Task item:
Every record, from first to last, should be written out again exactly.

________

Lemma matching_sym K (w w' : seq Sigma) x y x' y' Q :
  matching K w w' x y x' y' Q ->
  matching K w' w x' y' x y (fun a b a' b' => Q a' b' a b).
Proof.
case=> Mx My Meq Mlt Mle Mrel; split.
- by move=> U a le_aK; rewrite Mx.
- by move=> U a le_aK; rewrite My.
- by rewrite Meq.
- by rewrite Mlt.
- by move=> a b le_aK le_bK; rewrite Mle.
- by move=> a b le_aK le_bK; rewrite -Mle //; apply: Mrel.
Qed.

Lemma matching_mono K (w w' : seq Sigma) x y x' y' (Q Q' : nat -> nat -> nat -> nat -> Prop) :
  (forall a b a' b', Q a b a' b' -> Q' a b a' b') ->
  matching K w w' x y x' y' Q -> matching K w w' x y x' y' Q'.
Proof. by move=> QQ' [Mx My Meq Mlt Mle Mrel]; split=> // a b *; apply/QQ'/Mrel. Qed.

Definition agree (w w' : seq Sigma) a b a' b' :=
  forall r, least_interp w r a b <-> least_interp w' r a' b'.

(* A bisimulation up to [agree]: matching only has to hold at the pairs related
   by [G], and the relational hypotheses may land either in [G] or in pairs
   already known to agree. *)
Definition bisimulation K (w w' : seq Sigma) (G : nat -> nat -> nat -> nat -> Prop) :=
  forall x y x' y', G x y x' y' ->
  [/\ pair_in w x y, pair_in w' x' y' &
      matching K w w' x y x' y' (fun a b a' b' => G a b a' b' \/ agree w w' a b a' b')].

Section Transfer.
Variable K : nat.
Hypothesis bound_K : offset_bound K.

Lemma bisimulation_sym (w w' : seq Sigma) G : bisimulation K w w' G ->
  bisimulation K w' w (fun a b a' b' => G a' b' a b).
Proof.
move=> bisim x y x' y' /bisim[in_xy' in_xy M]; split=> //.
apply: matching_mono (matching_sym M) => a b a' b' [Gab|agr]; [by left|right].
by move=> r; rewrite agr.
Qed.

Lemma least_interp_sim (w w' : seq Sigma) G : bisimulation K w w' G ->
  forall r x y x' y', G x y x' y' -> least_interp w r x y -> least_interp w' r x' y'.
Proof.
move=> bisim r x y x' y' Gxy least_xy.
pose P : interp := fun s a b =>
  least_interp w s a b /\ forall a' b', G a b a' b' -> least_interp w' s a' b'.
suff [] : P r x y by move=> _; apply.
apply: least_xy => c s a b c_in c_s a_in b_in le_ab hyps_sat; split.
  apply: (least_interp_closed c_in c_s a_in b_in le_ab) => l l_in.
  by apply: hlit_sat_mono (hyps_sat _ l_in) => ? ? ? [].
move=> a' b' /bisim[_ /pair_inP[a'_in b'_in le_ab'] M].
apply: (least_interp_closed c_in c_s a'_in b'_in le_ab') => l l_in.
apply: (hlit_sat_matching M _ (bound_K c_in l_in) (hyps_sat _ l_in)).
by move=> s' a1 b1 a1' b1' [G1|agr] [least1 P1]; [apply: P1 | apply/agr].
Qed.

Lemma least_interp_bisim (w w' : seq Sigma) G x y x' y' :
  bisimulation K w w' G -> G x y x' y' -> agree w w' x y x' y'.
Proof.
move=> bisim Gxy r; split; first exact: least_interp_sim Gxy.
exact: least_interp_sim (bisimulation_sym bisim) _ _ _ _ _ Gxy.
Qed.

Lemma goal_fires_matching (w w' : seq Sigma) x y x' y' Q :
  matching K w w' x y x' y' Q -> (forall a b a' b', Q a b a' b' -> agree w w' a b a' b') ->
  goal_fires w x y <-> goal_fires w' x' y'.
Proof.
move=> M QA; split=> -[c c_in [c_bot hyps_sat]]; exists c => //; split=> // l l_in.
  apply: (hlit_sat_matching M _ (bound_K c_in l_in) (hyps_sat _ l_in)).
  by move=> r a b a' b' /QA agr /agr.
apply: (hlit_sat_matching (matching_sym M) _ (bound_K c_in l_in) (hyps_sat _ l_in)).
by move=> r a b a' b' /QA agr /agr.
Qed.

End Transfer.
End LeastModel.

(** * Locality *)

Section Windows.
Variables (Sigma : finType) (Phi : incl_horn Sigma) (K : nat).
Hypothesis bound_K : offset_bound Phi K.
Local Notation agree := (agree Phi).
Local Notation goal_fires := (goal_fires Phi).

Section Take.
Variables (w : seq Sigma) (m : nat).

Let size_take_m : size (take m w) = minn m (size w) := size_take_min m w.

Lemma shift_take z (a : int) : 0 < z <= size w -> z + K < m -> absz a <= K ->
  shift (take m w) z a = shift w z a /\
  forall U, upred_sat (take m w) U (shift w z a) = upred_sat w U (shift w z a).
Proof.
move=> z_in lt_zm; case: a => [a|a] le_aK; rewrite /= in le_aK.
  rewrite !shift_Posz ?size_take_m; try lia.
  split; first lia.
  move=> U; apply: upred_sat_eq => //; last by rewrite size_take_m; lia.
  by rewrite onth_take ifT //; lia.
rewrite !shift_Negz; try lia.
split=> // U; apply: upred_sat_eq => //; last by rewrite size_take_m; lia.
by rewrite onth_take ifT //; lia.
Qed.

________

Exercise output:
Lemma matching_sym K (w w' : seq Sigma) x y x' y' Q :
  matching K w w' x y x' y' Q ->
  matching K w' w x' y' x y (fun a b a' b' => Q a' b' a b).
Proof.
case=> Mx My Meq Mlt Mle Mrel; split.
- by move=> U a le_aK; rewrite Mx.
- by move=> U a le_aK; rewrite My.
- by rewrite Meq.
- by rewrite Mlt.
- by move=> a b le_aK le_bK; rewrite Mle.
- by move=> a b le_aK le_bK; rewrite -Mle //; apply: Mrel.
Qed.

Lemma matching_mono K (w w' : seq Sigma) x y x' y' (Q Q' : nat -> nat -> nat -> nat -> Prop) :
  (forall a b a' b', Q a b a' b' -> Q' a b a' b') ->
  matching K w w' x y x' y' Q -> matching K w w' x y x' y' Q'.
Proof. by move=> QQ' [Mx My Meq Mlt Mle Mrel]; split=> // a b *; apply/QQ'/Mrel. Qed.

Definition agree (w w' : seq Sigma) a b a' b' :=
  forall r, least_interp w r a b <-> least_interp w' r a' b'.

(* A bisimulation up to [agree]: matching only has to hold at the pairs related
   by [G], and the relational hypotheses may land either in [G] or in pairs
   already known to agree. *)
Definition bisimulation K (w w' : seq Sigma) (G : nat -> nat -> nat -> nat -> Prop) :=
  forall x y x' y', G x y x' y' ->
  [/\ pair_in w x y, pair_in w' x' y' &
      matching K w w' x y x' y' (fun a b a' b' => G a b a' b' \/ agree w w' a b a' b')].

Section Transfer.
Variable K : nat.
Hypothesis bound_K : offset_bound K.

Lemma bisimulation_sym (w w' : seq Sigma) G : bisimulation K w w' G ->
  bisimulation K w' w (fun a b a' b' => G a' b' a b).
Proof.
move=> bisim x y x' y' /bisim[in_xy' in_xy M]; split=> //.
apply: matching_mono (matching_sym M) => a b a' b' [Gab|agr]; [by left|right].
by move=> r; rewrite agr.
Qed.

Lemma least_interp_sim (w w' : seq Sigma) G : bisimulation K w w' G ->
  forall r x y x' y', G x y x' y' -> least_interp w r x y -> least_interp w' r x' y'.
Proof.
move=> bisim r x y x' y' Gxy least_xy.
pose P : interp := fun s a b =>
  least_interp w s a b /\ forall a' b', G a b a' b' -> least_interp w' s a' b'.
suff [] : P r x y by move=> _; apply.
apply: least_xy => c s a b c_in c_s a_in b_in le_ab hyps_sat; split.
  apply: (least_interp_closed c_in c_s a_in b_in le_ab) => l l_in.
  by apply: hlit_sat_mono (hyps_sat _ l_in) => ? ? ? [].
move=> a' b' /bisim[_ /pair_inP[a'_in b'_in le_ab'] M].
apply: (least_interp_closed c_in c_s a'_in b'_in le_ab') => l l_in.
apply: (hlit_sat_matching M _ (bound_K c_in l_in) (hyps_sat _ l_in)).
by move=> s' a1 b1 a1' b1' [G1|agr] [least1 P1]; [apply: P1 | apply/agr].
Qed.

Lemma least_interp_bisim (w w' : seq Sigma) G x y x' y' :
  bisimulation K w w' G -> G x y x' y' -> agree w w' x y x' y'.
Proof.
move=> bisim Gxy r; split; first exact: least_interp_sim Gxy.
exact: least_interp_sim (bisimulation_sym bisim) _ _ _ _ _ Gxy.
Qed.

Lemma goal_fires_matching (w w' : seq Sigma) x y x' y' Q :
  matching K w w' x y x' y' Q -> (forall a b a' b', Q a b a' b' -> agree w w' a b a' b') ->
  goal_fires w x y <-> goal_fires w' x' y'.
Proof.
move=> M QA; split=> -[c c_in [c_bot hyps_sat]]; exists c => //; split=> // l l_in.
  apply: (hlit_sat_matching M _ (bound_K c_in l_in) (hyps_sat _ l_in)).
  by move=> r a b a' b' /QA agr /agr.
apply: (hlit_sat_matching (matching_sym M) _ (bound_K c_in l_in) (hyps_sat _ l_in)).
by move=> r a b a' b' /QA agr /agr.
Qed.

End Transfer.
End LeastModel.

(** * Locality *)

Section Windows.
Variables (Sigma : finType) (Phi : incl_horn Sigma) (K : nat).
Hypothesis bound_K : offset_bound Phi K.
Local Notation agree := (agree Phi).
Local Notation goal_fires := (goal_fires Phi).

Section Take.
Variables (w : seq Sigma) (m : nat).

Let size_take_m : size (take m w) = minn m (size w) := size_take_min m w.

Lemma shift_take z (a : int) : 0 < z <= size w -> z + K < m -> absz a <= K ->
  shift (take m w) z a = shift w z a /\
  forall U, upred_sat (take m w) U (shift w z a) = upred_sat w U (shift w z a).
Proof.
move=> z_in lt_zm; case: a => [a|a] le_aK; rewrite /= in le_aK.
  rewrite !shift_Posz ?size_take_m; try lia.
  split; first lia.
  move=> U; apply: upred_sat_eq => //; last by rewrite size_take_m; lia.
  by rewrite onth_take ifT //; lia.
rewrite !shift_Negz; try lia.
split=> // U; apply: upred_sat_eq => //; last by rewrite size_take_m; lia.
by rewrite onth_take ifT //; lia.
Qed.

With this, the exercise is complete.